Here’s another possibility: The 600,000 articles — along with several tens of thousands of diet books — are the noise generated by a dysfunctional research establishment. Because the nutrition research community has failed to establish reliable, unambiguous knowledge about the environmental triggers of obesity and diabetes, it has opened the door to a diversity of opinions on the subject, of hypotheses about cause, cure and prevention, many of which cannot be refuted by the existing evidence. Everyone has a theory. The evidence doesn’t exist to say unequivocally who’s wrong.

and

One lesson of science, though, is that if the best you can do isn’t good enough to establish reliable knowledge, first acknowledge it — relentless honesty about what can and cannot be extrapolated from data is another core principle of science — and then do more, or do something else.
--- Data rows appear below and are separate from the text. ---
Lemma swap_energy_le g : swap_energy g *+ (N - k) <= fresh_energy g *+ (9 * k.-1).
Proof.
rewrite swap_energy_freshE fresh_energyE.
apply: le_trans (ler_sum _ (fun i _ => ler_sum _ (fresh_sum_swap_le g i))) _.
set S := fresh_energy_at g.
have -> : \sum_i \sum_(j | j != i) 3 * (S i + S j + S i)
  = 3 * (\sum_i \sum_(j | j != i) S i + \sum_i \sum_(j | j != i) S j
         + \sum_i \sum_(j | j != i) S i).
  by rewrite -!big_split mulr_sumr; apply: eq_bigr => i _; rewrite -!big_split mulr_sumr.
under [X in X + _ + _]eq_bigr => i _ do rewrite sum_neq_const.
under [X in _ + _ + X]eq_bigr => i _ do rewrite sum_neq_const.
rewrite sum_offdiag sumrMnl card_ord mulnC mulrnA.
set u := (\sum_i S i) *+ k.-1; lra.
Qed.
End Energies.

Lemma ucc_cc_weight_le (R : realFieldType) (a kk D S E : R) :
  1 <= a -> 1 <= kk -> 0 <= D -> D <= E -> a * S <= 9 * (kk - 1) * D ->
  (kk * (a + kk))^-1 * (D + S) <= 19 * ((kk * (a + 1))^-1 * E).
Proof.
move=> a1 kk1 D0 DE aS.
have key : (a + 1) * (D + S) <= 19 * (a + kk) * E.
  have : a * ((a + 1) * (D + S)) <= a * (19 * (a + kk) * E).
    have h1 : (a + 1) * (a + 9 * (kk - 1)) <= 19 * a * (a + kk) by nra.
    have h2 : 0 <= 19 * a * (a + kk) * (E - D) by rewrite !mulr_ge0 //; lra.
    nra.
  by rewrite ler_pM2l //; lra.
have d0 : 0 < kk * (a + kk) * (a + 1) by rewrite !mulr_gt0 //; lra.
have [kk0 akk0 a10] : [/\ kk != 0, a + kk != 0 & a + 1 != 0].
  by split; rewrite gt_eqF //; lra.
have -> : (kk * (a + kk))^-1 * (D + S) = (a + 1) * (D + S) / (kk * (a + kk) * (a + 1)).
  by field; rewrite kk0 akk0 a10.
have -> : 19 * ((kk * (a + 1))^-1 * E) = 19 * (a + kk) * E / (kk * (a + kk) * (a + 1)).
  by field; rewrite kk0 akk0 a10.
by rewrite ler_pM2r ?invr_gt0.
Qed.

Lemma P_ucc_ge0 (R : realType) (k N : nat) (x y : Theta k N) : 0 <= P_ucc R x y.
Proof.
do 2!(apply: sumr_ge0 => ? _); case: ifP => // _.
by rewrite invr_ge0 mulr_ge0 ?ler0n.
Qed.

Lemma dirichlet_ucc_le_cc (R : realType) (k N : nat) (g : Theta k N -> R) :
  (0 < k)%N -> (k < N)%N ->
  dirichlet (@P_ucc R k N) (@uniform_dist R (Theta k N)) g
  <= 19 * dirichlet (@P_cc R k N) (@uniform_dist R (Theta k N)) g.
Proof.
move=> k_gt0 kN; rewrite /P_ucc /P_cc !dirichlet_upd_chain energy_total.
rewrite -!mulrA [leRHS]mulrCA ler_wpM2l ?invr_ge0 ?ler0n //.
rewrite [leRHS]mulrCA ler_wpM2l ?invr_ge0 ?ler0n //.
have NE : N%:R = (N - k)%:R + k%:R :> R by rewrite -natrD subnK // ltnW.
rewrite NE natrD.
apply: (@ucc_cc_weight_le R ((N - k)%:R) k%:R (fresh_energy g) (swap_energy g)).
- by rewrite ler1n subn_gt0.
- by rewrite ler1n.
- exact: energy_ge0.
- exact: fresh_energy_le_allowed.
- have -> : 9 * (k%:R - 1) = (9 * k.-1)%N%:R :> R by rewrite natrM -subn1 natrB.
  by rewrite !mulr_natl; apply: swap_energy_le.
Qed.

Theorem mainTheorem7 (R : realType) (k N : nat) :
  (1 <= k)%N -> (k < N)%N ->
  (19%:R)^-1 * logSobolev (@P_ucc R k N) (@uniform_dist R (Theta k N))
    <= logSobolev (@P_cc R k N) (@uniform_dist R (Theta k N)).
Proof.
move=> k_gt0 kN; apply: logSobolev_comparison => [| g | g | f f_ge0].
- by rewrite ltr0n.
- by apply: dirichlet_ge0 => [x | x y]; [apply: uniform_dist_ge0 | apply: P_ucc_ge0].
- exact: dirichlet_ucc_le_cc.
- apply: entropy_ge0 => // [x |]; [apply: uniform_dist_ge0 | apply: sum_uniform_dist_le1].
Qed.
As it is, we have a field of sort-of-science in which hypotheses are treated as facts because they’re too hard or expensive to test, and there are so many hypotheses that what journalists like to call “leading authorities” disagree with one another daily.

If I'm not mistaken, Taubes is leading an effort to raise funds to experimentally test his conjecture  (related to effects of sugars and other carbs) about a cause of obesity.  He has written persuasively about his views, but rather than leaving it at that, he's putting his money where his mouth is, and using scientific experiments to test his theory.  Good for him.